### What you will do
Only these lines are needed: the first line of the entries below through the line with "forall x : int, exists", each returned exactly.
──────── Data for the task
(* Let $a,b\in\mathbb{Z}$ with $\gcd(a,b)=1$, and suppose $\{G_n(a,b)\}$ has the same Gibonacci cycle mod $5$ as the Lucas numbers, i.e. there exists $r\ge0$ with $G_n(a,b)\equiv L_{n+r}\pmod 5$ for all $n\ge1$. Then $M_{(a,b)}=M_L$, where $M_L=\{2,4,6,7,14\}\cup\{3^j: j\ge1\}$.
   Context: For integers $a,b$ with $\gcd(a,b)=1$, the Gibonacci sequence $\{G_n(a,b)\}_{n\ge1}$ is defined by $G_1=a$, $G_2=b$, $G_{n+1}=G_{n-1}+G_n$. The Lucas numbers are $L_n=G_n(1,3)$. A sequence is complete mod $m$ if every residue class modulo $m$ contains some term of the sequence. $M_{(a,b)}$ denotes the set of integers $m\ge2$ such that $\{G_n(a,b)\}$ is complete mod $m$, and $M_L=M_{(1,3)}$. *)

From mathcomp Require Import all_boot all_order all_algebra.
Set Implicit Arguments. Unset Strict Implicit. Unset Printing Implicit Defensive.
Import GRing.Theory Num.Theory.
Local Open Scope ring_scope.

(* gib_pair a b k = (G_{k+1}, G_{k+2}) for the Gibonacci sequence G_1 = a, G_2 = b. *)
Fixpoint gib_pair (a b : int) (k : nat) : int * int :=
  match k with
  | 0%N => (a, b)
  | k'.+1 => let p := gib_pair a b k' in (p.2, p.1 + p.2)
  end.

(* G_n(a,b), meaningful for n >= 1 (G 0 is a junk value equal to a). *)
Definition gib (a b : int) (n : nat) : int := (gib_pair a b n.-1).1.

Definition lucas (n : nat) : int := gib 1 3 n.

Definition complete_mod (a b : int) (m : nat) : Prop :=
  forall x : int, exists n : nat, (1 <= n)%N /\ (gib a b n = x %[mod m%:Z])%Z.

Definition inM (a b : int) (m : nat) : Prop := (2 <= m)%N /\ complete_mod a b m.

Definition inML (m : nat) : Prop := inM 1 3 m.

(* Let G = G(a,b) with gcd(a,b) = 1 and G_n = L_(n+r) mod 5 for all n >= 1.
   We show that G is complete modulo m exactly when m lies in
   M_L = {2, 4, 6, 7, 14} u {3^j | j >= 1}; applied to G and to the Lucas
   sequence itself (r = 0) this gives both halves of the theorem.

   Necessity.  Completeness modulo m passes to the divisors of m.  The Lucas
   numbers are never 0 mod 5, so 5 does not divide m.  For a prime p outside
   {2, 3, 5, 7, 17} no Gibonacci sequence is complete modulo p: if 5 is a
   square mod p, Binet's formula gives a period p - 1 < p; otherwise Cassini's
   identity makes 5 G_n^2 + 4c or 5 G_n^2 - 4c a square, and some v making
   both non-squares is never attained.  The moduli 17, 8, 12, 18, 21, 28, 49
   are excluded by a finite computation over all seeds.  An elementary
   divisibility argument then places m in M_L.

   Sufficiency.  The moduli 2, 4, 6, 7, 14 are checked by computation over all
   coprime seeds; for 3^j a Hensel-type lifting along the Fibonacci period
   8 * 3^(j-1) modulo 3^j reaches every residue. *)

From mathcomp Require Import all_boot all_order all_algebra finfield.
From mathcomp Require Import zify ring.
Set Implicit Arguments. Unset Strict Implicit. Unset Printing Implicit Defensive.
Import GRing.Theory Num.Theory.
Local Open Scope ring_scope.

(* The Fibonacci pair (F_(k-1), F_k) is the transfer matrix of the Gibonacci
   recursion: shifting any Gibonacci pair by k steps is the linear map below. *)
Lemma gib_pair_add (a b : int) (m k : nat) :
  gib_pair a b (m + k) =
  ((gib_pair 1 0 k).1 * (gib_pair a b m).1 + (gib_pair 1 0 k).2 * (gib_pair a b m).2,
   (gib_pair 1 0 k).2 * (gib_pair a b m).1
     + ((gib_pair 1 0 k).1 + (gib_pair 1 0 k).2) * (gib_pair a b m).2).
Proof.
elim: k => [|k IH]; first by rewrite addn0; case: (gib_pair a b m) => x y /=; congr (_, _); ring.
by rewrite addnS /= IH /=; congr (_, _); ring.
Qed.

Definition gib_norm (p : int * int) : int := p.2 ^+ 2 - p.2 * p.1 - p.1 ^+ 2.

Lemma gib_norm_pair (a b : int) (k : nat) :
  gib_norm (gib_pair a b k) = (-1) ^+ k * gib_norm (a, b).
Proof.
elim: k => [|k IH]; first by rewrite mul1r.
by rewrite exprS -mulrA -IH /gib_norm /=; ring.
Qed.

Lemma gib_pair_congr (d a b a' b' : int) (k : nat) :
  (d %| a - a')%Z -> (d %| b - b')%Z ->
  (d %| (gib_pair a b k).1 - (gib_pair a' b' k).1)%Z /\
  (d %| (gib_pair a b k).2 - (gib_pair a' b' k).2)%Z.
Proof.
move=> da db; elim: k => [|k [IH1 IH2]] //=; split=> //.
by rewrite opprD addrACA rpredD.
Qed.

Lemma gib_congr (d a b a' b' : int) (n : nat) :
  (d %| a - a')%Z -> (d %| b - b')%Z -> (d %| gib a b n - gib a' b' n)%Z.
Proof. by move=> da db; case: (gib_pair_congr n.-1 da db). Qed.

Definition gib_step (m : int) (s : int * int) : int * int :=
  (s.2, ((s.1 + s.2) %% m)%Z).

Lemma iter_gib_step (m a b : int) (n : nat) :
  iter n (gib_step m) ((a %% m)%Z, (b %% m)%Z) =
  (((gib_pair a b n).1 %% m)%Z, ((gib_pair a b n).2 %% m)%Z).
Proof. by elim: n => [|n IH] //=; rewrite IH /gib_step /= modzDm. Qed.

Lemma gib_mod (a b m : int) (n : nat) :
  (gib a b n %% m)%Z = (iter n.-1 (gib_step m) ((a %% m)%Z, (b %% m)%Z)).1.
Proof. by rewrite iter_gib_step. Qed.

Fixpoint residues (m : int) (k : nat) (x y : int) : seq int :=
  if k is k'.+1 then x :: residues m k' y ((x + y) %% m)%Z else [::].

Lemma residuesE (m : int) (k : nat) (x y : int) :
  residues m k x y = [seq (iter n (gib_step m) (x, y)).1 | n <- iota 0 k].
Proof.
elim: k x y => [|k IH] x y //=.
rewrite IH (iotaDl 1 0) -map_comp; congr (_ :: _).
by apply: eq_map => n; rewrite /comp add1n iterSr.
Qed.

Lemma residues_periodic (m : int) (P n : nat) (s : int * int) :
  (0 < P)%N -> iter P (gib_step m) s = s ->
  (iter n (gib_step m) s).1 \in residues m P s.1 s.2.
Proof.
move=> P0 hP; have per q r : iter (q * P + r) (gib_step m) s = iter r (gib_step m) s.
  elim: q => [|q IH]; first by rewrite mul0n.
  by rewrite mulSn -addnA addnC iterD hP IH.
rewrite residuesE (divn_eq n P) per -surjective_pairing.
by apply: map_f; rewrite mem_iota ltn_pmod.
Qed.

(* The remainder mod m > 0 is a natural number among 0, ..., m - 1: this lets
   the decision procedures below range over seeds in iota 0 m. *)
Lemma residue_in_range (x : int) (m : nat) : (0 < m)%N ->
  (x %% m)%Z = (`|(x %% m)%Z|%N)%:Z /\ `|(x %% m)%Z|%N \in iota 0 m.
Proof.
move=> m0; have h0 : 0 <= (x %% m)%Z by rewrite modz_ge0 // -lt0n.
have h1 : (x %% m)%Z < m%:Z by rewrite ltz_pmod // ltz_nat.
by split; [rewrite gez0_abs | rewrite mem_iota; lia].
Qed.

Definition incomplete_cert (m P : nat) : bool :=
  all (fun a => all (fun b =>
    (iter P (gib_step m) (a%:Z, b%:Z) == (a%:Z, b%:Z)) &&
    let orbit := residues m P a b in
    has (fun x : nat => x%:Z \notin orbit) (iota 0 m)) (iota 0 m)) (iota 0 m).

Lemma incomplete_certP (m P : nat) : (0 < m)%N -> (0 < P)%N ->
  incomplete_cert m P -> forall a b : int, ~ complete_mod a b m.
Proof.
move=> m0 P0 cert a b hc.
have [ea la] := residue_in_range a m0; have [eb lb] := residue_in_range b m0.
move/allP/(_ _ la)/allP/(_ _ lb): cert; rewrite -ea -eb => /andP [/eqP hP /hasP [x]].
rewrite mem_iota add0n => /andP [_ xm] /negP []; have [n [_]] := hc x%:Z.
by rewrite gib_mod (modz_small (m := x%:Z)) ?ltz_nat // => <-; exact: residues_periodic.
Qed.

Definition complete_cert (m N : nat) : bool :=
  all (fun a => all (fun b => (gcdn (gcdn a b) m != 1%N) ||
    let orbit := residues m N a b in
    all (fun x : nat => x%:Z \in orbit) (iota 0 m)) (iota 0 m)) (iota 0 m).

Lemma complete_certP (m N : nat) : (0 < m)%N ->
  complete_cert m N -> forall a b : int, coprimez a b -> complete_mod a b m.
Proof.
move=> m0 cert a b cab x.
have [ea la] := residue_in_range a m0; have [eb lb] := residue_in_range b m0.
have [ex lx] := residue_in_range x m0.
move/allP/(_ _ la)/allP/(_ _ lb): cert => /orP [|/allP/(_ _ lx)].
  (* A common divisor g of the reduced seeds and m divides a and b. *)
  set g := gcdn _ _ => /negP [].
  suff : (g%:Z %| gcdz a b)%Z by rewrite (eqP cab) dvdz1.
  rewrite dvdz_gcd.
  have dvd_seed (y : int) : (y %% m)%Z = `|(y %% m)%Z|%N ->
      (g %| `|(y %% m)%Z|)%N -> (g%:Z %| y)%Z.
    by move=> ey hg; rewrite (divz_eq y m) ey rpredD // dvdz_mull //; exact: dvdn_gcdr.
  rewrite dvd_seed ?dvd_seed //; apply: (dvdn_trans (dvdn_gcdl _ _));
    by [exact: dvdn_gcdr | exact: dvdn_gcdl].
rewrite residuesE => /mapP [n _ hn]; exists n.+1; split => //; apply/eqP.
by rewrite gib_mod /= ea eb -hn -ex.
Qed.

Lemma complete_mod_dvd (a b : int) (m d : nat) :
  complete_mod a b m -> (d %| m)%N -> complete_mod a b d.
Proof.
move=> complete d_dvd x; have [n [n1 /eqP hn]] := complete x; exists n; split=> //.
by apply/eqP; move: hn; rewrite !eqz_mod_dvd; apply: dvdz_trans.
Qed.

(* F_(8*3^i - 1) = 1 + 3^(i+1) u and F_(8*3^i) = 3^(i+1) v with u, v = 1 mod 3:
   modulo 3^(i+2), shifting a Gibonacci pair by 8*3^i is the matrix
   I + 3^(i+1) [[1, 1], [1, 2]], by induction on i (tripling the shift). *)
Lemma fib_pair_pow3 (i : nat) : exists al be : int,
  gib_pair 1 0 (8 * 3 ^ i) = (1 + 3 * 3 ^+ i * (1 + 3 * al), 3 * 3 ^+ i * (1 + 3 * be)).
Proof.
elim: i => [|i [al [be IH]]]; first by exists 1, 2.
have -> : (8 * 3 ^ i.+1 = 8 * 3 ^ i + 8 * 3 ^ i + 8 * 3 ^ i)%N by rewrite expnS; lia.
rewrite (gib_pair_add 1 0 (8 * 3 ^ i + 8 * 3 ^ i)) (gib_pair_add 1 0 (8 * 3 ^ i)) IH /=.
set f := (3 : int) ^+ i; set u := 1 + 3 * al; set v := 1 + 3 * be.
exists (al + f * (u ^+ 2 + v ^+ 2) + f ^+ 2 * (u ^+ 3 + 3 * u * v ^+ 2 + v ^+ 3)).
exists (be + f * (2 * u * v + v ^+ 2) + f ^+ 2 * (3 * u ^+ 2 * v + 3 * u * v ^+ 2 + 2 * v ^+ 3)).
by rewrite exprS -/f /u /v; congr (_, _); ring.
Qed.

Lemma gib_shift_period (a b : int) (i n : nat) : (1 <= n)%N -> exists w : int,
  gib a b (n + 8 * 3 ^ i) = gib a b n + 3 * 3 ^+ i * gib a b (n + 2) + 9 * 3 ^+ i * w.
Proof.
move=> hn; have [al [be H]] := fib_pair_pow3 i.
exists (al * (gib_pair a b n.-1).1 + be * (gib_pair a b n.-1).2); rewrite /gib.
have -> : ((n + 8 * 3 ^ i).-1 = n.-1 + 8 * 3 ^ i)%N by lia.
have -> : ((n + 2).-1 = n.-1 + 2)%N by lia.
by rewrite (gib_pair_add a b n.-1 (8 * 3 ^ i)) (gib_pair_add a b n.-1 2) H /=; ring.
Qed.

Lemma gib_shift_periods (a b : int) (i k n : nat) : (1 <= n)%N -> exists w : int,
  gib a b (n + k * (8 * 3 ^ i)) =
  gib a b n + 3 * 3 ^+ i * k%:R * gib a b (n + 2) + 9 * 3 ^+ i * w.
Proof.
elim: k n => [|k IH] n hn; first by exists 0; rewrite mul0n addn0; ring.
have [w1 H1] := gib_shift_period a b i (leq_trans hn (leq_addr (k * (8 * 3 ^ i)) n)).
have [w2 H2] := IH (n + 2)%N (leq_trans hn (leq_addr 2 n)).
have [w3 H3] := IH n hn.
have -> : (n + k.+1 * (8 * 3 ^ i) = n + k * (8 * 3 ^ i) + 8 * 3 ^ i)%N by rewrite mulSn; lia.
have reorder : (n + k * (8 * 3 ^ i) + 2 = n + 2 + k * (8 * 3 ^ i))%N by lia.
rewrite H1 reorder H2 H3.
exists (w3 + 3 ^+ i * k%:R * gib a b (n + 2 + 2) + 3 * 3 ^+ i * w2 + w1).
by rewrite -addn1 natrD; ring.
Qed.

Lemma dvdz_sub_mod (d m : int) : (d %| m - (m %% d)%Z)%Z.
Proof. by rewrite -eqz_mod_dvd modz_mod. Qed.

Definition mod3_cert : bool :=
  all (fun a => all (fun b => all (fun x => ((a == 0) && (b == 0))%N ||
    has (fun n => (3 %| gib a%:Z b%:Z n - x%:Z)%Z && ~~ (3 %| gib a%:Z b%:Z (n + 2))%Z)
      (iota 1 8)) (iota 0 3)) (iota 0 3)) (iota 0 3).

Lemma mod3_cert_valid : mod3_cert. Proof. by vm_compute. Qed.

Lemma gib_hits_mod3 (a b : int) : ~~ ((3 %| a)%Z && (3 %| b)%Z) -> forall x : int,
  exists n, [/\ (1 <= n)%N, (3 %| gib a b n - x)%Z & ~~ (3 %| gib a b (n + 2))%Z].
Proof.
move=> ab3 x.
have [ea la] := residue_in_range a (isT : 0 < 3)%N.
have [eb lb] := residue_in_range b (isT : 0 < 3)%N.
have [ex lx] := residue_in_range x (isT : 0 < 3)%N.
have congr_a := dvdz_sub_mod 3 a; have congr_b := dvdz_sub_mod 3 b.
move/allP/(_ _ la)/allP/(_ _ lb)/allP/(_ _ lx): mod3_cert_valid; rewrite -ea -eb -ex.
case/orP => [/andP [/eqP a0 /eqP b0] | /hasP [n]].
  by case/negP: ab3; apply/andP; split; apply/dvdz_mod0P; [rewrite ea a0 | rewrite eb b0].
rewrite mem_iota => /andP [n1 _] /andP [hit unit]; exists n; split=> //.
  have -> : gib a b n - x = (gib a b n - gib (a %% 3)%Z (b %% 3)%Z n)
      + (gib (a %% 3)%Z (b %% 3)%Z n - (x %% 3)%Z) - (x - (x %% 3)%Z) by ring.
  by rewrite rpredB ?dvdz_sub_mod // rpredD // gib_congr.
apply: contra unit => h.
have -> : gib (a %% 3)%Z (b %% 3)%Z (n + 2) = gib a b (n + 2)
    - (gib a b (n + 2) - gib (a %% 3)%Z (b %% 3)%Z (n + 2)) by ring.
by rewrite rpredB // gib_congr.
Qed.

(* If e is a unit mod 3, then d + k e = 0 mod 3 for a suitable k in N
   (k = -de mod 3 works since e^2 = 1 mod 3). *)
Lemma mod3_cancel (d e : int) : ~~ (3 %| e)%Z ->
  exists k : nat, (3 %| d + k%:R * e)%Z.
Proof.
move=> e3; exists `|((- (d * e)) %% 3)%Z|%N.
rewrite natz gez0_abs ?modz_ge0 //.
have unit_sq : (3 %| 1 - e * e)%Z by nia.
have -> : d + (- (d * e) %% 3)%Z * e =
    d * (1 - e * e) + (- (d * e) - (- (d * e) %% 3)%Z) * - e by ring.
by apply: rpredD; [exact: dvdz_mull | exact/dvdz_mulr/dvdz_sub_mod].
Qed.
────────────────
### Solution below
(* Let $a,b\in\mathbb{Z}$ with $\gcd(a,b)=1$, and suppose $\{G_n(a,b)\}$ has the same Gibonacci cycle mod $5$ as the Lucas numbers, i.e. there exists $r\ge0$ with $G_n(a,b)\equiv L_{n+r}\pmod 5$ for all $n\ge1$. Then $M_{(a,b)}=M_L$, where $M_L=\{2,4,6,7,14\}\cup\{3^j: j\ge1\}$.
   Context: For integers $a,b$ with $\gcd(a,b)=1$, the Gibonacci sequence $\{G_n(a,b)\}_{n\ge1}$ is defined by $G_1=a$, $G_2=b$, $G_{n+1}=G_{n-1}+G_n$. The Lucas numbers are $L_n=G_n(1,3)$. A sequence is complete mod $m$ if every residue class modulo $m$ contains some term of the sequence. $M_{(a,b)}$ denotes the set of integers $m\ge2$ such that $\{G_n(a,b)\}$ is complete mod $m$, and $M_L=M_{(1,3)}$. *)

From mathcomp Require Import all_boot all_order all_algebra.
Set Implicit Arguments. Unset Strict Implicit. Unset Printing Implicit Defensive.
Import GRing.Theory Num.Theory.
Local Open Scope ring_scope.

(* gib_pair a b k = (G_{k+1}, G_{k+2}) for the Gibonacci sequence G_1 = a, G_2 = b. *)
Fixpoint gib_pair (a b : int) (k : nat) : int * int :=
  match k with
  | 0%N => (a, b)
  | k'.+1 => let p := gib_pair a b k' in (p.2, p.1 + p.2)
  end.

(* G_n(a,b), meaningful for n >= 1 (G 0 is a junk value equal to a). *)
Definition gib (a b : int) (n : nat) : int := (gib_pair a b n.-1).1.

Definition lucas (n : nat) : int := gib 1 3 n.

Definition complete_mod (a b : int) (m : nat) : Prop :=
  forall x : int, exists n : nat, (1 <= n)%N /\ (gib a b n = x %[mod m%:Z])%Z.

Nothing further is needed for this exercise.